When Besiroglu announced Mechanize, X user Oliver Habryka replied, “Alas, this seems like approximate confirmation that Epoch research was directly feeding into frontier capability work, though I had hope that it wouldn’t literally come from you.” 

Besiroglu says Mechanize is backed by a who’s who: Nat Friedman and Daniel Gross, Patrick Collison, Dwarkesh Patel, Jeff Dean, Sholto Douglas, and Marcus Abramovitch. Friedman, Gross, and Dean did not return News’s request for comment.

Marcus Abramovitch confirmed that he invested. Abramovitch is a managing Partner at crypto hedge fund AltX, and self-described “effective altruist.” 

He told News he invested because, “The team is exceptional across many dimensions and have thought deeper on AI than anyone I know.”

Good for humans, too?

Still, Besiroglu argues to the naysayers that having agents do all the work will actually enrich humans, not impoverish them, through “explosive economic growth.” He points to a paper he published on the topic. 
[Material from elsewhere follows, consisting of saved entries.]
Lemma even_squares_CSeries q :
  CSeries (fun m => let n := S m in pow_n q ((2 * n) * (2 * n))) =
  CSeries (fun k => q ^ (S (2 * k + 1) * S (2 * k + 1))).
Proof. apply CSeries_ext. intros m. cbv zeta. rewrite pow_n_Cpow. f_equal. lia. Qed.

Lemma theta_neg_sqr_CSeries q :
  CSeries (fun m => let n := S m in pow_n (-1) n * pow_n q (2 * (n * n))) = theta_pos (- (q * q)).
Proof.
  apply CSeries_ext. intros m. cbv zeta.
  rewrite RtoC_pow_n_m1, (pow_n_Cpow q), (Cpow_opp (q * q)), Cpow_m1_sqr, Cpow_sqr. reflexivity.
Qed.

Theorem theorem2p15 (q : C) (hq : (Cmod q < 1)%R) :
  Sbar Ci q =
    CSeries (fun m => let n := S m in pow_n q (n*n))
    - CSeries (fun m => let n := S m in pow_n (-1) n * pow_n q (2*(n*n)))
  /\ Sbar1 Ci q =
    CSeries (fun m => let n := S m in pow_n q ((2*n-1)*(2*n-1)))
  /\ Sbar2 Ci q =
    CSeries (fun m => let n := S m in pow_n q ((2*n)*(2*n)))
    - CSeries (fun m => let n := S m in pow_n (-1) n * pow_n q (2*(n*n))).
Proof.
  rewrite theta_pos_CSeries, odd_squares_CSeries, even_squares_CSeries, theta_neg_sqr_CSeries.
  split; [|split]; [apply Sbar_i | apply Sbar1_i | apply Sbar2_i]; exact hq.
Qed.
“Completely automating labor could generate vast abundance, much higher standards of living, and new goods and services that we can’t even imagine today,” he told News.

This might be true for whoever owns the agents. That is, if employers pay for them instead of developing them in-house (presumably, by other agents?).
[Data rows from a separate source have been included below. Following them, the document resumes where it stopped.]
(* Let $n$ be a positive integer and let $$A_n' := \{(0,S_1,\dots,S_{2n}) \in \mathbb{Z}^{2n+1} : |S_i - S_{i-1}| = 1 \text{ for } 1\le i\le 2n \ (S_0=0),\ S_1>0,\ S_{2n}=0\},$$ $$B_n' := \{(0,S_1,\dots,S_{2n}) \in \mathbb{Z}^{2n+1} : |S_i - S_{i-1}| = 1 \text{ for } 1\le i\le 2n \ (S_0=0),\ S_i>0 \text{ for all } 1\le i\le 2n\}.$$ For $(0,S_1,\dots,S_{2n})\in A_n'$, let $M:=\max\{S_1,\dots,S_{2n}\}$, let $a_M:=\min\{1\le i\le 2n: S_i=M\}$, $b_0:=0$, and for $k=M-1,M-2,\dots,1$ define inductively $$a_k:=\min\{1\le i\le a_{k+1}: S_i=k\},\qquad b_k:=\max\{1\le i\le a_{k+1}: S_i=k\}.$$ For $\ell=1,\dots,2n$ define $$T_\ell:=\begin{cases}2m-S_\ell & \text{if } a_m\le \ell\le b_m \text{ for some } m\in\{1,\dots,M-1\},\\ 2M-S_\ell & \text{if } \ell\ge a_M,\end{cases}$$ and let $\Phi_1(0,S_1,\dots,S_{2n}):=(0,T_1,\dots,T_{2n})$. Then $\Phi_1$ is a well-defined map from $A_n'$ to $B_n'$ and it is a bijection between $A_n'$ and $B_n'$.
   Context: These are paths of the $2n$-step simple random walk on $\mathbb{Z}$ started at the origin: $A_n'$ consists of paths whose first step is up and which end at $0$; $B_n'$ consists of paths staying strictly positive at all times $1,\dots,2n$. *)

(* Paths are sequences s = [:: S_0; S_1; ...; S_(2n)] of integers. *)
From mathcomp Require Import all_boot all_order all_algebra.
Set Implicit Arguments. Unset Strict Implicit. Unset Printing Implicit Defensive.
Import Order.TTheory GRing.Theory Num.Theory.
Local Open Scope ring_scope.

Definition walk (n : nat) (s : seq int) : bool :=
  [&& size s == (2 * n).+1, s`_0 == 0 &
      all (fun i => `|s`_i - s`_i.-1| == 1) (iota 1 (2 * n))].

Definition An' (n : nat) : pred (seq int) :=
  fun s => [&& walk n s, 0 < s`_1 & s`_(2 * n) == 0].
On the other hand, this optimistic outlook overlooks a basic fact: if humans don’t have jobs, they won’t have the income to purchase all the things the AI agents are producing.

Still, Besiroglu says that human wages in such an AI-automated world should actually increase because such workers are “more valuable in complementary roles that AI cannot perform.”

But remember, the goal is for the agents to do all the work. When asked about that, he explained, “Even in scenarios where wages might decrease, economic well-being isn’t solely determined by wages. People typically receive income from other sources—such as rents, dividends, and government welfare.” 

So perhaps we all make our living from stocks or real estate. Failing that, there’s always welfare – if the AI agents are paying taxes.

Even though Besiroglu vision and mission are clearly extreme, the technical issue he’s looking to solve is legit. If each human worker has a personal crew of agents which helps them produce more work, economic abundance could follow. And Besiroglu is unquestionably right on at least one thing: a year into the age of AI agents, they don’t work very well. 

He notes that they are unreliable, don’t retain information, struggle to independently complete tasks as asked, “and can’t execute long-term plans without going off the rails.”

However, he’s hardly alone in working on fixes. Giant companies like Salesforce and Microsoft are building agentic platforms. OpenAI is, too. And agent startups abound: from tasks specialists (outbound sales, financial analysis); to those working on training data. Others are working on agent pricing economics.

In the meantime, Besiroglu wants you to know: Mechanize is hiring.